### [Problem description]
Lines to restate from the data below: from the one containing "Variables (p : R -> R) (R0 : R)." to the one containing "- clear x. induction", both included. Give them again exactly, and only them.

Dataset entries:

[Start of section]

Lemma F1_positive r1 x : 0 < r1 -> f1 n r1 = 0 -> r1 < rnorm n x -> 0 < F1 n x.
Proof.
  intros Hr1 Hroot Hx. unfold F1. rewrite f1_eq_G by exact Hn.
  rewrite f1_eq_G in Hroot by exact Hn. rewrite <- Hroot.
  apply G_increasing; [apply pow2_ge_0|]. simpl; nra.
Qed.
End Monotonicity.

Lemma shifted_square_continuous (f : R -> R) c t :
  (forall z, continuity_pt f z) -> continuity_pt (fun t => f (c + t ^ 2)) t.
Proof.
  intros Hf. apply (continuity_pt_comp (fun t => c + t ^ 2) f); [|apply Hf].
  apply derivable_continuous_pt. exists (2 * t). apply derive_shifted_square.
Qed.

Lemma shifted_square_integrable (f : R -> R) c a b :
  (forall z, continuity_pt f z) -> ex_RInt (fun t => f (c + t ^ 2)) a b.
Proof.
  intros Hf. apply (ex_RInt_continuous (V := R_CompleteNormedModule)). intros z _.
  apply continuity_pt_filterlim, shifted_square_continuous, Hf.
Qed.

(* c |-> int_{-R0}^{R0} f(c + t^2) dt is continuous: by uniform continuity of f on
   [c - 1, c + 1 + R0^2], the integrand moves uniformly in t when c moves. *)
Lemma param_RInt_continuous (f : R -> R) R0 c :
  (forall z, continuity_pt f z) -> 0 < R0 ->
  continuity_pt (fun c => RInt (fun t => f (c + t ^ 2)) (- R0) R0) c.
Proof.
  intros Hf HR0. unfold continuity_pt, continue_in, limit1_in, limit_in.
  intros eps Heps. set (eta := eps / (2 * (2 * R0 + 1))).
  assert (Heta : 0 < eta) by (unfold eta; apply Rdiv_lt_0_compat; lra).
  destruct (Heine_cor2 (f := f) (a := c - 1) (b := c + 1 + R0 ^ 2) (fun z _ => Hf z)
              (mkposreal _ Heta)) as [[delta Hdelta] Hunif].
  simpl in Hunif.
  exists (Rmin delta 1). split; [apply Rmin_Rgt_r; lra|].
  intros c' [_ Hc']. change (Rabs (c' - c) < Rmin delta 1) in Hc'.
  change (Rabs (RInt (fun t => f (c' + t ^ 2)) (- R0) R0
                - RInt (fun t => f (c + t ^ 2)) (- R0) R0) < eps).
  assert (Hc1 : Rabs (c' - c) < delta) by (eapply Rlt_le_trans; [apply Hc'|apply Rmin_l]).
  assert (Hc2 : Rabs (c' - c) < 1) by (eapply Rlt_le_trans; [apply Hc'|apply Rmin_r]).
  apply Rabs_lt_between in Hc2.
  pose proof (shifted_square_integrable f c' (- R0) R0 Hf) as E1.
  pose proof (shifted_square_integrable f c (- R0) R0 Hf) as E2.
  pose proof (RInt_minus _ _ _ _ E1 E2) as Hminus.
  change (minus ?u ?v) with (u - v) in Hminus. rewrite <- Hminus.
  eapply Rle_lt_trans.
  - apply (abs_RInt_le_const _ (- R0) R0 eta); [lra|apply (ex_RInt_minus _ _ _ _ E1 E2)|].
    intros t Ht. change (Rabs (f (c' + t ^ 2) - f (c + t ^ 2)) <= eta).
    left. apply Hunif; [nra|nra|].
    replace (c' + t ^ 2 - (c + t ^ 2)) with (c' - c) by ring. exact Hc1.
  - unfold eta. apply (Rmult_lt_reg_r (2 * (2 * R0 + 1))); [lra|].
    field_simplify; [nra|lra].
Qed.

Lemma RInt_window_lower (f : R -> R) a b c d L :
  a <= c -> c <= d -> d <= b -> (forall x y, ex_RInt f x y) ->
  (forall t, a <= t <= b -> 0 <= f t) -> (forall t, c <= t <= d -> L <= f t) ->
  (d - c) * L <= RInt f a b.
Proof.
  intros Hac Hcd Hdb Hint Hpos Hwin.
  rewrite <- (RInt_Chasles f a c b), <- (RInt_Chasles f c d b) by apply Hint.
  change (plus (RInt f a c) (plus (RInt f c d) (RInt f d b)))
    with (RInt f a c + (RInt f c d + RInt f d b)).
  assert (0 <= RInt f a c) by (apply RInt_ge_0; [lra|apply Hint|intros; apply Hpos; lra]).
  assert (0 <= RInt f d b) by (apply RInt_ge_0; [lra|apply Hint|intros; apply Hpos; lra]).
  assert ((d - c) * L <= RInt f c d).
  { replace ((d - c) * L) with (RInt (fun _ => L) c d)
      by (rewrite RInt_const; reflexivity).
    apply RInt_le; [lra|apply ex_RInt_const|apply Hint|intros; apply Hwin; lra]. }
  lra.
Qed.

Fixpoint radial_int (p : R -> R) (R0 : R) (k : nat) (c : R) : R :=
  match k with
  | O => p c
  | S k' => RInt (fun t => radial_int p R0 k' (c + t ^ 2)) (- R0) R0
  end.

Section RadialIntegral.
Variables (p : R -> R) (R0 : R).
Hypothesis Hp : forall c, continuity_pt p c.
Hypothesis Hp_nonneg : forall s, 0 <= p s.
Hypothesis HR0 : 0 < R0.

Lemma radial_int_continuous k c : continuity_pt (radial_int p R0 k) c.
Proof.
  revert c. induction k as [|k IH]; intros c; [apply Hp|].
  apply param_RInt_continuous; [exact IH|exact HR0].
Qed.

Lemma radial_int_integrable k c a b : ex_RInt (fun t => radial_int p R0 k (c + t ^ 2)) a b.
Proof. apply shifted_square_integrable. intros z. apply radial_int_continuous. Qed.

Lemma radial_int_nonneg k c : 0 <= radial_int p R0 k c.
Proof.
  revert c. induction k as [|k IH]; intros c; [apply Hp_nonneg|].
  apply RInt_ge_0; [lra|apply radial_int_integrable|intros; apply IH].
Qed.

(* If p >= L on [c, c + k], the k-fold integral is at least the volume 2^k of the unit
   cube [-1, 1]^k times L (on that cube, c + |t|^2 stays in [c, c + k]). *)
Lemma radial_int_lower k c L : 1 <= R0 -> 0 <= L ->
  (forall s, c <= s <= c + INR k -> L <= p s) -> 2 ^ k * L <= radial_int p R0 k c.
Proof.
  intros HR1 HL. revert c. induction k as [|k IH]; intros c Hwin.
  - simpl. rewrite Rmult_1_l. apply Hwin. simpl. lra.
  - simpl radial_int.
    replace (2 ^ S k * L) with ((1 - -1) * (2 ^ k * L)) by (simpl; ring).
    apply RInt_window_lower; [lra|lra|lra|apply radial_int_integrable|
                              intros; apply radial_int_nonneg|].
    intros t Ht. apply IH. intros s Hs. apply Hwin. rewrite S_INR. nra.
Qed.

End RadialIntegral.

(* tailsq n k x = x_k^2 + ... + x_{n-1}^2: the part of |x|^2 not yet integrated out when
   IInt has integrated over the coordinates 0..k-1. *)
Definition tailsq (n k : nat) (x : nat -> R) : R :=
  rsum n (fun i => if Nat.ltb i k then 0 else x i ^ 2).

Lemma tailsq_0 n x : tailsq n 0 x = sqnorm n x.
Proof. reflexivity. Qed.

Lemma tailsq_full n x : tailsq n n x = 0.
Proof.
  unfold tailsq. rewrite (rsum_ext n _ (fun _ => 0)).
  - clear x. induction n as [|m IH]; simpl; [reflexivity|]. rewrite IH. ring.
  - intros i Hi. apply Nat.ltb_lt in Hi. rewrite Hi. reflexivity.
Qed.

Lemma tailsq_upd n k x t : (k < n)%nat -> tailsq n k (upd x k t) = t ^ 2 + tailsq n (S k) x.
Proof.
  intros Hk. unfold tailsq.
  rewrite (rsum_change_one n k _ (fun i => if Nat.ltb i (S k) then 0 else x i ^ 2) Hk).
  - rewrite Nat.ltb_irrefl, upd_same. replace (Nat.ltb k (S k)) with true
      by (symmetry; apply Nat.ltb_lt; lia). ring.
  - intros j Hj. rewrite upd_other by exact Hj.
    destruct (Nat.ltb_spec j k); destruct (Nat.ltb_spec j (S k)); try reflexivity; lia.
Qed.

Lemma IInt_radial n p R0 g : (forall c, continuity_pt p c) -> 0 < R0 ->
  (forall y, g y = p (sqnorm n y)) ->
  forall k, (k <= n)%nat -> forall x, IInt k g R0 x (radial_int p R0 k (tailsq n k x)).
Proof.
  intros Hp HR0 Hg. induction k as [|k IH]; intros Hk x.
  - simpl. rewrite tailsq_0, Hg. reflexivity.
  - simpl. exists (fun t => radial_int p R0 k (tailsq n k (upd x k t))). split.
    + intros t. apply IH. lia.
    + assert (Hslice : forall t, radial_int p R0 k (tailsq n k (upd x k t))
                                 = radial_int p R0 k (tailsq n (S k) x + t ^ 2))
        by (intros t; rewrite tailsq_upd by lia; rewrite Rplus_comm; reflexivity).
      assert (Hint : ex_RInt (fun t => radial_int p R0 k (tailsq n k (upd x k t))) (- R0) R0).
      { eapply ex_RInt_ext; [intros t _; symmetry; apply Hslice|].
        apply radial_int_integrable; assumption. }
      exists (ex_RInt_Reals_0 _ _ _ Hint). rewrite <- RInt_Reals.
      apply RInt_ext. intros t _. apply Hslice.
Qed.

(* The weighted integrand of f_1 on {r > r1}, as a function of s = |x|^2:
   (G(s)^+)^2 e^{-s/4}, since G(|x|^2) > 0 exactly when |x| > r1. *)
Definition weight (n : nat) (s : R) : R := Rmax (G n s) 0 ^ 2 * exp (- s / 4).

Lemma Rmax0_continuous (f : R -> R) x :
  continuity_pt f x -> continuity_pt (fun s => Rmax (f s) 0) x.
Proof.
  intros Hf.
  replace (fun s => Rmax (f s) 0) with (fun s => (f s + Rabs (f s)) / 2).
  - apply continuity_pt_mult; [|apply continuity_pt_const; intros ? ?; reflexivity].
    apply continuity_pt_plus; [exact Hf|].
    apply (continuity_pt_comp f Rabs); [exact Hf|apply Rcontinuity_abs].
  - apply functional_extensionality. intros s. unfold Rmax.
    destruct (Rle_dec (f s) 0); [rewrite Rabs_left1|rewrite Rabs_right]; lra.
Qed.

Lemma weight_nonneg n s : 0 <= weight n s.
Proof. apply Rmult_le_pos; [apply pow2_ge_0|apply Rlt_le, exp_pos]. Qed.

Lemma weight_continuous n s : (1 <= n)%nat -> continuity_pt (weight n) s.
Proof.
  intros Hn. apply continuity_pt_mult.
  - apply (continuity_pt_comp (fun s => Rmax (G n s) 0) (fun y => y ^ 2)).
    + apply Rmax0_continuous, G_continuous, Hn.
    + apply derivable_continuous_pt, derivable_pt_pow.
  - apply derivable_continuous_pt. exists (exp (- s / 4) * (- / 4)).
    apply is_derive_Reals. auto_derive; [exact I|unfold Rdiv; ring].
Qed.

Lemma wsq_weight n r1 y : (1 <= n)%nat -> 0 < r1 -> f1 n r1 = 0 ->
  wsq n (fun x => r1 < rnorm n x) (F1 n) y = weight n (sqnorm n y).
Proof.
  intros Hn Hr1 Hroot. unfold wsq, weight, Defs.ind.
  rewrite (F1_radial n Hn), rnorm_sq. rewrite f1_eq_G in Hroot by exact Hn.
  pose proof (rnorm_sq n y) as Hsq. pose proof (rnorm_nonneg n y) as Hnn.
  destruct (excluded_middle_informative (r1 < rnorm n y)) as [Hout|Hin].
  - assert (Hlt : r1 ^ 2 < sqnorm n y) by nra.
    pose proof (G_increasing n Hn _ _ (pow2_ge_0 r1) Hlt).
    rewrite Rmax_left by lra. ring.
  - apply Rnot_lt_le in Hin. assert (Hle : sqnorm n y <= r1 ^ 2) by nra.
    pose proof (G_monotone n Hn _ _ (sqnorm_nonneg n y) Hle).
    rewrite Rmax_right by lra. ring.
Qed.

(* k! <= (k/2)^k for k >= 6: the ratio of consecutive right-hand sides is
   ((k+1)/2) (1 + 1/k)^k >= k + 1 by Bernoulli's inequality. *)
Lemma fact_le_half_pow k : (6 <= k)%nat -> INR (fact k) <= (INR k / 2) ^ k.
Proof.
  induction k as [|k IH]; intros Hk; [lia|].
  destruct (Nat.eq_dec k 5) as [->|Hk5].
  - change (fact 6) with 720%nat. rewrite INR_IZR_INZ. simpl. lra.
  - specialize (IH ltac:(lia)).
    assert (Hkpos : 0 < INR k) by (apply lt_0_INR; lia).
    assert (Hbern : 2 <= (1 + / INR k) ^ k).
    { pose proof (Rle_pow_lin (/ INR k) k (Rlt_le _ _ (Rinv_0_lt_compat _ Hkpos))) as Hlin.
      rewrite Rinv_r in Hlin by lra. lra. }
    assert (Hsplit : (INR (S k) / 2) ^ k = (INR k / 2) ^ k * (1 + / INR k) ^ k).
    { rewrite <- Rpow_mult_distr. f_equal. rewrite S_INR. field. lra. }
    rewrite fact_simpl, mult_INR, <- tech_pow_Rmult, Hsplit.
    pose proof (pow_le (INR k / 2) k ltac:(lra)). pose proof (pos_INR (S k)).
    assert (INR (fact k) * INR (S k) <= (INR k / 2) ^ k * INR (S k))
      by (apply Rmult_le_compat_r; lra).
    assert (0 <= INR (S k) * (INR k / 2) ^ k) by (apply Rmult_le_pos; lra).
    assert (INR (S k) * (INR k / 2) ^ k * 2 <= INR (S k) * (INR k / 2) ^ k * (1 + / INR k) ^ k)
      by (apply Rmult_le_compat_l; lra).
    lra.
Qed.

Lemma exp_le_pow9 k : exp (2 * INR k) <= 9 ^ k.
Proof.
  induction k as [|k IH].
  - simpl. rewrite Rmult_0_r, exp_0. lra.
  - rewrite S_INR. replace (2 * (INR k + 1)) with (2 * INR k + 1 + 1) by ring.
    rewrite !exp_plus. simpl.
    pose proof exp_le_3. pose proof (exp_pos 1). pose proof (exp_pos (2 * INR k)).
    assert (exp 1 * exp 1 <= 9) by nra. nra.
Qed.

(* b_k = a_k k! (40/9)^k: by acoef_rec, b_{k+1}/b_k = 40 (k - 1/2) / (9 (4k + 2n)) >= 1
   from the index K0 n = 5n + 6 on. *)
Definition scaled_coef (n k : nat) : R := acoef n k * INR (fact k) * (40 / 9) ^ k.

Definition K0 (n : nat) : nat := (5 * n + 6)%nat.

Section Growth.
Variable n : nat.
Hypothesis Hn : (1 <= n)%nat.

Lemma scaled_coef_step k : (K0 n <= k)%nat -> scaled_coef n k <= scaled_coef n (S k).
Proof.
  intros Hk. unfold K0 in Hk.
  assert (HkR : 5 * INR n + 6 <= INR k).
  { replace (5 * INR n + 6) with (INR (5 * n + 6)) by (rewrite plus_INR, mult_INR; simpl; ring).
    apply le_INR, Hk. }
  pose proof (acoef_rec n Hn k) as Hrec. pose proof (INR_n_ge1 n Hn).
  pose proof (acoef_pos n Hn k ltac:(lia)). pose proof (INR_fact_pos k).
  pose proof (pow_lt (40 / 9) k ltac:(lra)).
  assert (Hratio : scaled_coef n (S k) = scaled_coef n k
                     * (40 * (INR k - / 2) / (9 * (4 * INR k + 2 * INR n)))).
  { unfold scaled_coef. rewrite fact_simpl, mult_INR. simpl pow.
    apply (Rmult_eq_reg_r (4 * INR k + 2 * INR n)); [|lra].
    transitivity (acoef n (S k) * INR (S k) * (4 * INR k + 2 * INR n)
                  * (INR (fact k) * (40 / 9) * (40 / 9) ^ k)); [ring|].
    rewrite Hrec. field. lra. }
  assert (Hfactor : 1 <= 40 * (INR k - / 2) / (9 * (4 * INR k + 2 * INR n))).
  { apply (Rmult_le_reg_r (9 * (4 * INR k + 2 * INR n))); [lra|].
    unfold Rdiv. rewrite Rmult_assoc, Rinv_l by lra. lra. }
  assert (0 < scaled_coef n k) by (unfold scaled_coef; apply Rmult_lt_0_compat; [nra|lra]).
  rewrite Hratio. nra.
Qed.

Lemma scaled_coef_lower k : (K0 n <= k)%nat -> scaled_coef n (K0 n) <= scaled_coef n k.
Proof.
  induction 1 as [|k Hk IH]; [apply Rle_refl|].
  eapply Rle_trans; [exact IH|apply scaled_coef_step, Hk].
Qed.

Lemma scaled_coef_pos : 0 < scaled_coef n (K0 n).
Proof.
  unfold scaled_coef. pose proof (INR_fact_pos (K0 n)).
  pose proof (acoef_pos n Hn (K0 n) ltac:(unfold K0; lia)).
  pose proof (pow_lt (40 / 9) (K0 n) ltac:(lra)).
  apply Rmult_lt_0_compat; [nra|lra].
Qed.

[End of section]

### [Result of this exercise]
Variables (p : R -> R) (R0 : R).
Hypothesis Hp : forall c, continuity_pt p c.
Hypothesis Hp_nonneg : forall s, 0 <= p s.
Hypothesis HR0 : 0 < R0.

Lemma radial_int_continuous k c : continuity_pt (radial_int p R0 k) c.
Proof.
  revert c. induction k as [|k IH]; intros c; [apply Hp|].
  apply param_RInt_continuous; [exact IH|exact HR0].
Qed.

Lemma radial_int_integrable k c a b : ex_RInt (fun t => radial_int p R0 k (c + t ^ 2)) a b.
Proof. apply shifted_square_integrable. intros z. apply radial_int_continuous. Qed.

Lemma radial_int_nonneg k c : 0 <= radial_int p R0 k c.
Proof.
  revert c. induction k as [|k IH]; intros c; [apply Hp_nonneg|].
  apply RInt_ge_0; [lra|apply radial_int_integrable|intros; apply IH].
Qed.

(* If p >= L on [c, c + k], the k-fold integral is at least the volume 2^k of the unit
   cube [-1, 1]^k times L (on that cube, c + |t|^2 stays in [c, c + k]). *)
Lemma radial_int_lower k c L : 1 <= R0 -> 0 <= L ->
  (forall s, c <= s <= c + INR k -> L <= p s) -> 2 ^ k * L <= radial_int p R0 k c.
Proof.
  intros HR1 HL. revert c. induction k as [|k IH]; intros c Hwin.
  - simpl. rewrite Rmult_1_l. apply Hwin. simpl. lra.
  - simpl radial_int.
    replace (2 ^ S k * L) with ((1 - -1) * (2 ^ k * L)) by (simpl; ring).
    apply RInt_window_lower; [lra|lra|lra|apply radial_int_integrable|
                              intros; apply radial_int_nonneg|].
    intros t Ht. apply IH. intros s Hs. apply Hwin. rewrite S_INR. nra.
Qed.

End RadialIntegral.

(* tailsq n k x = x_k^2 + ... + x_{n-1}^2: the part of |x|^2 not yet integrated out when
   IInt has integrated over the coordinates 0..k-1. *)
Definition tailsq (n k : nat) (x : nat -> R) : R :=
  rsum n (fun i => if Nat.ltb i k then 0 else x i ^ 2).

Lemma tailsq_0 n x : tailsq n 0 x = sqnorm n x.
Proof. reflexivity. Qed.

Lemma tailsq_full n x : tailsq n n x = 0.
Proof.
  unfold tailsq. rewrite (rsum_ext n _ (fun _ => 0)).
  - clear x. induction n as [|m IH]; simpl; [reflexivity|]. rewrite IH. ring.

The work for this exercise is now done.